External Voting: Mapping Motivations of Emigrants and Concerns of Host Countries

Article excerpt

Introduction

External voting denotes procedures which enable some or all electors of a country who are temporarily or permanently abroad to exercise their voting rights from outside the national territory. (1) The term is used interchangeably with absent voting, absentee voting, external enfranchisement, diaspora voting or out-of-country voting. Many countries enable external voting through general provisions in their electoral laws. Additional regulations on its implementation are often administered by legislatures or electoral commissions. (2) Postal voting, e-voting, voting by proxy, voting in diplomatic missions or military bases, or other designated places are main options utilized by home states. Countries either choose one of these options or use different combinations of them. (3)

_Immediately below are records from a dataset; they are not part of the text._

(* The LCM matrix $[S]$ is invertible for every finite GCD closed $\wedge$-tree set $S$ of positive integers.
   Context: $S$ is GCD closed if $\gcd(x,y)\in S$ for all $x,y\in S$. A set $S$ is a $\wedge$-tree set if the Hasse diagram of its meet closure (here, since $S$ is GCD closed, of $(S,\mid)$ itself) is a tree. The LCM matrix $[S]$ of $S=\{x_1,\dots,x_n\}$ has $(i,j)$ entry $\mathrm{lcm}(x_i,x_j)$. *)

From HB Require Import structures.
From mathcomp Require Import all_boot all_order all_algebra.
Set Implicit Arguments. Unset Strict Implicit. Unset Printing Implicit Defensive.
Import GRing.Theory Num.Theory.

(* A finite set S of positive integers is represented by a duplicate-free
   sequence s; its elements are s`_0, ..., s`_(size s - 1). *)

Definition gcd_closed (s : seq nat) : Prop :=
  forall x y, x \in s -> y \in s -> gcdn x y \in s.

Definition covers (s : seq nat) (x y : nat) : bool :=
  [&& x \in s, y \in s, y %| x, y != x &
      ~~ has (fun z => [&& y %| z, z %| x, z != y & z != x]) s].

Definition hasse_adj (s : seq nat) : rel nat :=
  fun x y => covers s x y || covers s y x.

Definition hasse_connected (s : seq nat) : Prop :=
  forall x y, x \in s -> y \in s ->
    exists p : seq nat, path (hasse_adj s) x p /\ last x p = y.

Definition hasse_acyclic (s : seq nat) : Prop :=
  forall c : seq nat, uniq c -> 2 < size c -> ~~ cycle (hasse_adj s) c.

Definition hasse_tree (s : seq nat) : Prop :=
  hasse_connected s /\ hasse_acyclic s.

(* S is a meet-tree set; for GCD closed S the meet closure is S itself. *)
Definition wedge_tree (s : seq nat) : Prop := hasse_tree s.

Definition lcm_mx (s : seq nat) : 'M[rat]_(size s) :=
  \matrix_(i < size s, j < size s) ((lcmn (nth 0 s i) (nth 0 s j))%:R : rat).

From HB Require Import structures.
From mathcomp Require Import all_boot all_order all_algebra.
From mathcomp Require Import ring.
Set Implicit Arguments. Unset Strict Implicit. Unset Printing Implicit Defensive.
Import GRing.Theory Num.Theory.

(* If the Hasse diagram of a GCD closed set S is acyclic, no x in S has two
   lower covers a and b: the covering chains from gcd(a, b) up to a and to b
   would close a cycle through x.  Hence the proper divisors of each x in S
   form a chain.  Let x be the largest element of S and p its largest proper
   divisor in S.  For every other z in S, gcd(z, x) is a proper divisor of x,
   so it divides p and gcd(z, x) = gcd(z, p); thus lcm(z, x) = (x/p) lcm(z, p).
   Subtracting x/p times the column of p from the column of x in [S] leaves a
   single nonzero entry, in row x, so every vector in the left kernel of [S]
   vanishes at x, and we conclude by induction after removing x from S. *)

Definition cover_step (s : seq nat) : rel nat := fun u v => covers s v u.

Definition divisor_chains (s : seq nat) : Prop :=
  forall x a b, x \in s -> a \in s -> b \in s ->
    a %| x -> b %| x -> a != x -> b != x -> (a %| b) || (b %| a).

Lemma divisor_chains_sub (s t : seq nat) :
  {subset t <= s} -> divisor_chains s -> divisor_chains t.
Proof. by move=> ts chs x a b /ts xs /ts as_ /ts bs; apply: chs. Qed.

Lemma hasse_adj_sym (s : seq nat) : symmetric (hasse_adj s).
Proof. by move=> u v; rewrite /hasse_adj orbC. Qed.

Lemma hasse_adj_cover_step (s : seq nat) u v : cover_step s u v -> hasse_adj s u v.
Proof. by rewrite /hasse_adj /cover_step => ->; rewrite orbT. Qed.

Section HasseDiagram.

Variable s : seq nat.
Hypothesis s_pos : all (fun x => 0 < x) s.

Let pos_of_mem x : x \in s -> 0 < x.
Proof. exact: (allP s_pos). Qed.

Lemma covers_lt x z : covers s x z -> z < x.
Proof.
case/and5P=> xs _ zx nzx _; rewrite ltn_neqAle nzx.
exact: dvdn_leq (pos_of_mem xs) zx.
Qed.

Lemma cover_step_lt u v : cover_step s u v -> u < v.
Proof. exact: covers_lt. Qed.

(* The cover is the largest multiple of [a] in [s] properly dividing [x]. *)
Lemma exists_cover_above a x : a \in s -> x \in s -> a %| x -> a != x ->
  exists2 z, covers s x z & a %| z.
Proof.
move=> as_ xs ax nax.
pose between z := [&& z \in s, a %| z, z %| x & z != x].
have ex_between : exists z, between z by exists a; rewrite /between as_ dvdnn ax nax.
have le_x z : between z -> z <= x.
  by case/and4P=> _ _ zx _; apply: dvdn_leq (pos_of_mem xs) zx.
case: (ex_maxnP ex_between le_x) => m /and4P[ms am mx nmx] m_max.
exists m => //; rewrite /covers xs ms mx nmx /=.
apply/hasPn => w ws; apply/negP => /and4P[mw wx nwm nwx].
have w_le_m : w <= m by apply: m_max; rewrite /between ws (dvdn_trans am mw) wx nwx.
by move: nwm; rewrite eqn_leq w_le_m (dvdn_leq (pos_of_mem ws) mw).
Qed.

Lemma exists_cover_chain d e : d \in s -> e \in s -> d %| e ->
  exists c, [/\ path (cover_step s) d c, last d c = e &
                all (fun z => (d %| z) && (z %| e)) c].
Proof.
move=> ds; elim/ltn_ind: e => e IH es de.
have [<-|nde] := eqVneq d e; first by exists [::].
have [z cez dz] := exists_cover_above ds es de nde.
have [zs ze] : z \in s /\ z %| e by case/and5P: cez.
have [c [pc lc dvd_c]] := IH z (covers_lt cez) zs dz.
exists (rcons c e); split; first by rewrite rcons_path pc lc.
  by rewrite last_rcons.
rewrite all_rcons de dvdnn /=; apply/allP => w /(allP dvd_c) /andP[-> wz].
exact: dvdn_trans wz ze.
Qed.

Lemma cover_path_uniq d c : path (cover_step s) d c -> uniq (d :: c).
Proof.
move=> pc; apply: (sorted_uniq ltn_trans ltnn).
by apply: sub_path pc => u v /cover_step_lt.
Qed.

Lemma cover_path_gt d c : path (cover_step s) d c -> all (fun w => d < w) c.
Proof.
move=> pc; apply: (order_path_min ltn_trans).
by apply: sub_path pc => u v /cover_step_lt.
Qed.

(* Going down from [x] to [b] and along the chain [cb] to [g], then back up
   along [ca] to [a], closes a cycle in the Hasse diagram. *)
Lemma hasse_cycle_of_chains x a b g ca cb :
  covers s x a -> covers s x b ->
  path (cover_step s) g ca -> last g ca = a ->
  path (cover_step s) g cb -> last g cb = b ->
  cycle (hasse_adj s) (x :: rev (g :: cb) ++ ca).
Proof.
move=> cxa cxb pa la pb lb.
rewrite /cycle rcons_cat cat_path; apply/andP; split.
  have := rev_path (hasse_adj s) g (rcons cb x).
  rewrite belast_rcons last_rcons => ->.
  rewrite (@eq_path _ _ (hasse_adj s)); last by move=> u v; apply: hasse_adj_sym.
  rewrite rcons_path lb hasse_adj_cover_step // andbT.
  by apply: sub_path pb => u v /hasse_adj_cover_step.
rewrite /= rev_cons last_rcons rcons_path la hasse_adj_cover_step // andbT.
by apply: sub_path pa => u v /hasse_adj_cover_step.
Qed.

Hypothesis s_gcd : gcd_closed s.

Lemma lower_cover_unique x a b : hasse_acyclic s ->
  covers s x a -> covers s x b -> a = b.
Proof.
move=> acyclic cxa cxb; apply/eqP/negPn/negP => nab.
have [xs as_ ax nax _] := and5P cxa.
have [_ bs bx nbx no_mid_b] := and5P cxb.
pose g := gcdn a b.
have [ca [pa la dvd_ca]] := exists_cover_chain (s_gcd as_ bs) as_ (dvdn_gcdl a b).
have [cb [pb lb dvd_cb]] := exists_cover_chain (s_gcd as_ bs) bs (dvdn_gcdr a b).
have dvd_a w : w \in g :: ca -> w %| a.
  by rewrite inE => /predU1P[->|/(allP dvd_ca)/andP[]//]; apply: dvdn_gcdl.
have dvd_b w : w \in g :: cb -> w %| b.
  by rewrite inE => /predU1P[->|/(allP dvd_cb)/andP[]//]; apply: dvdn_gcdr.
have neq_x e w : covers s x e -> w %| e -> w != x.
  move=> cxe we; rewrite neq_ltn (leq_trans _ (covers_lt cxe)) //.
  by rewrite ltnS dvdn_leq // pos_of_mem //; case/and5P: cxe.
have ngb : g != b.
  apply: contraTneq no_mid_b => gb; apply/negPn/hasP; exists a => //.
  by rewrite -gb dvdn_gcdl ax nax gb andbT.
have cycle_uniq : uniq (x :: rev (g :: cb) ++ ca).
  have uniq_ca : uniq ca by case/andP: (cover_path_uniq pa).
  rewrite cons_uniq cat_uniq rev_uniq cover_path_uniq // uniq_ca andbT.
  rewrite mem_cat mem_rev negb_or -andbA; apply/and3P; split.
  - by apply/negP => xcb; move: (neq_x _ _ cxb (dvd_b x xcb)); rewrite eqxx.
  - apply/negP => xca; have xa := dvd_a x (@mem_behead _ (g :: ca) x xca).
    by move: (neq_x _ _ cxa xa); rewrite eqxx.
  - apply/hasPn => w wca; rewrite mem_rev; apply/negP => wgb.
    have wg : w %| g by rewrite dvdn_gcd dvd_a ?dvd_b // inE wca orbT.
    have := allP (cover_path_gt pa) w wca.
    by rewrite ltnNge dvdn_leq // pos_of_mem // s_gcd.
have size_gt2 : 2 < size (x :: rev (g :: cb) ++ ca).
  case: cb lb {pb dvd_cb dvd_b cycle_uniq} => [|w cb] lb.
    by move: ngb; rewrite -lb eqxx.
  by rewrite /= size_cat size_rev.
move: (acyclic _ cycle_uniq size_gt2) => /negP; apply.
exact: (hasse_cycle_of_chains cxa cxb pa la pb lb).
Qed.

Lemma acyclic_divisor_chains : hasse_acyclic s -> divisor_chains s.
Proof.
move=> acyclic x; elim/ltn_ind: x => x IH a b xs as_ bs ax bx nax nbx.
have [a' cxa' aa'] := exists_cover_above as_ xs ax nax.
have [b' cxb' bb'] := exists_cover_above bs xs bx nbx.
have eab := lower_cover_unique acyclic cxa' cxb'; subst b'.
have a's : a' \in s by case/and5P: cxa'.
have [->|naa'] := eqVneq a a'; first by rewrite bb' orbT.
have [->|nba'] := eqVneq b a'; first by rewrite aa'.
exact: IH a' (covers_lt cxa') a b a's as_ bs aa' bb' naa' nba'.
Qed.

End HasseDiagram.

Lemma lcmn_mul_gcd_eq z x p : 0 < z -> 0 < p -> gcdn z x = gcdn z p ->
  lcmn z x * p = lcmn z p * x.
Proof.
move=> z_gt0 p_gt0 gcdE; have g_gt0 : 0 < gcdn z p by rewrite gcdn_gt0 z_gt0.
apply/eqP; rewrite -(eqn_pmul2r g_gt0) mulnAC -{1}gcdE muln_lcm_gcd; apply/eqP.
by rewrite [RHS]mulnAC muln_lcm_gcd mulnAC.
Qed.

Definition in_lcm_kernel (s : seq nat) (c : nat -> rat) : Prop :=
  forall y, y \in s -> (\sum_(z <- s) c z * (lcmn z y)%:R = 0)%R.

Section MaximalElement.

Variables (s : seq nat) (c : nat -> rat) (x : nat).
Hypothesis s_uniq : uniq s.
Hypothesis s_pos : all (fun x => 0 < x) s.
Hypothesis s_gcd : gcd_closed s.
Hypothesis s_chains : divisor_chains s.
Hypothesis x_in_s : x \in s.
Hypothesis x_max : forall z, z \in s -> z <= x.
Hypothesis c_ker : in_lcm_kernel s c.

Let pos_of_mem z : z \in s -> 0 < z.
Proof. exact: (allP s_pos). Qed.

Lemma max_ndvd z : z \in s -> z != x -> ~~ (x %| z).
Proof.
move=> zs nzx; apply: contra nzx => xz.
by rewrite eqn_leq x_max // dvdn_leq // pos_of_mem.
Qed.

Lemma gcdn_max_neq z : z \in s -> z != x -> gcdn z x != x.
Proof.
move=> zs nzx; apply: contraNneq (max_ndvd zs nzx) => <-; exact: dvdn_gcdl.
Qed.

Lemma gcd_closed_rem_max : gcd_closed (rem x s).
Proof.
move=> a b; rewrite !(mem_rem_uniq x s_uniq) => /andP[nax as_] /andP[_ bs].
rewrite inE s_gcd // andbT; apply: contraNneq (max_ndvd as_ nax) => <-.
exact: dvdn_gcdl.
Qed.

Lemma in_lcm_kernel_rem_max : c x = 0%R -> in_lcm_kernel (rem x s) c.
Proof.
move=> cx0 y; rewrite (mem_rem_uniq x s_uniq) => /andP[_ ys].
have := c_ker ys; rewrite (bigD1_seq x x_in_s s_uniq) /= cx0 mul0r add0r.
by rewrite rem_filter // big_filter.
Qed.

Section LargestProperDivisor.

Variable p : nat.
Hypotheses (p_in_s : p \in s) (p_dvd_x : p %| x) (p_neq_x : p != x).
Hypothesis p_max : forall d, d \in s -> d %| x -> d != x -> d <= p.

Lemma gcdn_max_pred z : z \in s -> z != x -> gcdn z x = gcdn z p.
Proof.
move=> zs nzx; have gs := s_gcd zs x_in_s.
have gp : gcdn z x %| p.
  have := s_chains x_in_s gs p_in_s (dvdn_gcdr z x) p_dvd_x
    (gcdn_max_neq zs nzx) p_neq_x.
  case/orP=> // pg; rewrite (@anti_leq (gcdn z x) p) // p_max ?dvdn_gcdr //.
    by rewrite dvdn_leq // pos_of_mem.
  exact: gcdn_max_neq.
apply/eqP; rewrite eqn_dvd !dvdn_gcd !dvdn_gcdl gp /=.
exact: dvdn_trans (dvdn_gcdr z p) p_dvd_x.
Qed.

Lemma in_lcm_kernel_max_pred : c x = 0%R.
Proof.
have [x_gt0 p_gt0] := (pos_of_mem x_in_s, pos_of_mem p_in_s).
have p_neq0 : (p%:R != 0 :> rat)%R by rewrite pnatr_eq0 -lt0n.
have : (\sum_(z <- s) c z * ((lcmn z x)%:R - x%:R / p%:R * (lcmn z p)%:R) = 0)%R.
  under eq_bigr do rewrite mulrBr mulrCA.
  by rewrite sumrB -mulr_sumr c_ker // c_ker // mulr0 subrr.
rewrite (bigD1_seq x x_in_s s_uniq) /= big_seq_cond big1 ?addr0; last first.
  move=> z /andP[zs nzx]; apply/eqP; rewrite mulf_eq0 subr_eq0; apply/orP; right.
  rewrite -(inj_eq (mulIf p_neq0)) mulrAC divfK // -!natrM eqr_nat.
  by rewrite lcmn_mul_gcd_eq ?gcdn_max_pred ?pos_of_mem // mulnC.
have diag_neq0 : (x%:R - x%:R / p%:R * x%:R != 0 :> rat)%R.
  have -> : (x%:R - x%:R / p%:R * x%:R = x%:R * (p%:R - x%:R) / p%:R :> rat)%R.
    by field.
  by rewrite !mulf_neq0 ?invr_neq0 // ?pnatr_eq0 -?lt0n // subr_eq0 eqr_nat.
rewrite (lcmn_idPl (dvdnn x)) (lcmn_idPl p_dvd_x) => /eqP.
by rewrite mulf_eq0 (negbTE diag_neq0) orbF => /eqP.
Qed.

End LargestProperDivisor.

Lemma in_lcm_kernel_max_eq0 : c x = 0%R.
Proof.
have [has_div | no_div] := boolP (has (fun d => (d %| x) && (d != x)) s).
  pose proper d := [&& d \in s, d %| x & d != x].
  have ex_proper : exists d, proper d.
    by have /hasP[d ds /andP[dx ndx]] := has_div; exists d; apply/and3P.
  have le_x d : proper d -> d <= x.
    by case/and3P=> _ dx _; apply: dvdn_leq (pos_of_mem x_in_s) dx.
  have [p /and3P[ps px npx] p_max] := ex_maxnP ex_proper le_x.
  apply: (in_lcm_kernel_max_pred ps px npx) => d ds dx ndx.
  by apply: p_max; apply/and3P.
have := c_ker x_in_s; rewrite (bigD1_seq x x_in_s s_uniq) /= big_seq_cond big1.
  rewrite addr0 (lcmn_idPl (dvdnn x)) => /eqP.
  by rewrite mulf_eq0 pnatr_eq0 eqn0Ngt pos_of_mem // orbF => /eqP.
move=> z /andP[zs nzx]; have := hasPn no_div _ (s_gcd zs x_in_s).
by rewrite dvdn_gcdr gcdn_max_neq.
Qed.

End MaximalElement.

Lemma in_lcm_kernel_eq0 (s : seq nat) (c : nat -> rat) :
  uniq s -> all (fun x => 0 < x) s -> gcd_closed s -> divisor_chains s ->
  in_lcm_kernel s c -> {in s, forall z, c z = 0%R}.
Proof.
have [n] := ubnP (size s); elim: n s => // n IH s size_lt.
move=> s_uniq s_pos s_gcd s_chains c_ker z zs.
have le_max w : w \in s -> w <= \max_(v <- s) v.
  by move=> ws; apply: (@leq_bigmax_seq _ s xpredT id).
have [x x_in_s x_max] := ex_maxnP (ex_intro (fun w => w \in s) z zs) le_max.
have cx0 := in_lcm_kernel_max_eq0 s_uniq s_pos s_gcd s_chains x_in_s x_max c_ker.
have [-> //|nzx] := eqVneq z x.
have sub_s : {subset rem x s <= s} by move=> w; apply: mem_rem.
apply: (IH (rem x s)).
- have s_gt0 : 0 < size s by rewrite -has_predT; apply/hasP; exists z.
  by rewrite size_rem // -ltnS prednK.
- exact: rem_uniq.
- by apply/allP => w /sub_s; apply: (allP s_pos).
- exact: gcd_closed_rem_max.
- exact: divisor_chains_sub s_chains.
- exact: in_lcm_kernel_rem_max.
- by rewrite (mem_rem_uniq x s_uniq) inE nzx.
Qed.

Lemma lcm_mx_unitmx (s : seq nat) : uniq s ->
  (forall c, in_lcm_kernel s c -> {in s, forall z, c z = 0%R}) ->
  lcm_mx s \in unitmx.
Proof.
move=> s_uniq ker_trivial; rewrite unitmxE unitfE.
apply/negP => /det0P[v v_neq0 vA].
pose c z := if insub (index z s) is Some i then v ord0 i else 0%R.
have cE (i : 'I_(size s)) : c (nth 0 s i) = v ord0 i by rewrite /c index_uniq // valK.
have c_ker : in_lcm_kernel s c.
  move=> y ys; have yi : index y s < size s by rewrite index_mem.
  have := congr1 (fun M : 'rV[rat]_(size s) => M ord0 (Ordinal yi)) vA.
  rewrite !mxE => vAy; rewrite -[RHS]vAy (big_nth 0) big_mkord.
  apply: eq_bigr => i _.
  by rewrite cE mxE /= nth_index.
move/eqP: v_neq0; apply; apply/rowP => i; rewrite mxE -cE.
exact: ker_trivial (mem_nth 0 (ltn_ord i)).
Qed.

Theorem corollary4p6 (s : seq nat) :
  uniq s -> all (fun x => 0 < x) s -> gcd_closed s -> wedge_tree s ->
  lcm_mx s \in unitmx.
Proof.
move=> s_uniq s_pos s_gcd [_ acyclic]; apply: (lcm_mx_unitmx s_uniq) => c.
exact: in_lcm_kernel_eq0 s_uniq s_pos s_gcd (acyclic_divisor_chains s_pos s_gcd acyclic).
Qed.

External voting has emerged as a field of research in the last two decades due to many intertwined factors. First of all, growing cross-border migration has produced populations that are excluded from politics in both their home countries and their countries of residence. Many countries of origin have tried to develop some means to grant them political rights and secure their political participation. More than 115 of the world's 214 countries have allowed external voting for nationals abroad. (4) Recent additions include Ecuador (2008), Egypt (2011) and Libya (2012). In many other countries, that have no system of placing ballot boxes abroad, non-residents are able to vote if they fly to their country of origin such as in Lebanon, India, Zimbabwe, Israel, and Malta. So, granting external voting rights has virtually become a worldwide practice and an international norm. Meanwhile, the interest of migration scholars in transnational political participation has intensified and greatly contributed to knowledge on external voting practices. Existent scholarship provides general explanations for external voting introduction by emphasizing that contextual, country specific factors concerning the history and nature of the relationship between home states and emigrants usually influence its initial introduction and nature of systems. (5)

The arguments supporting external voting are related to the democratic principle of universal suffrage. It is considered that external voting guarantees the political rights of the citizens. It increases political participation given the fact that citizens living abroad are excluded from political life in their host countries and increasingly demand to exercise their right. (6) Their participation makes the home country's political system more inclusive and enhances its legitimacy. Thus, external voting is approached as a critical contribution to democratization. (7) Furthermore, it can be viewed as a reflection of government's political/pragmatic intention to maintain close ties between emigrants and home states. (8) As Lafleur notes, external voting is a part of broader diaspora policies in which states develop external citizens mainly to benefit from emigrants as a source of support. (9) Some other home state motivations' include the symbolic acknowledgement of emigrants' contribution to the home country, the presence of a party which sees political advantage in doing so and emigrants' campaigning for its introduction.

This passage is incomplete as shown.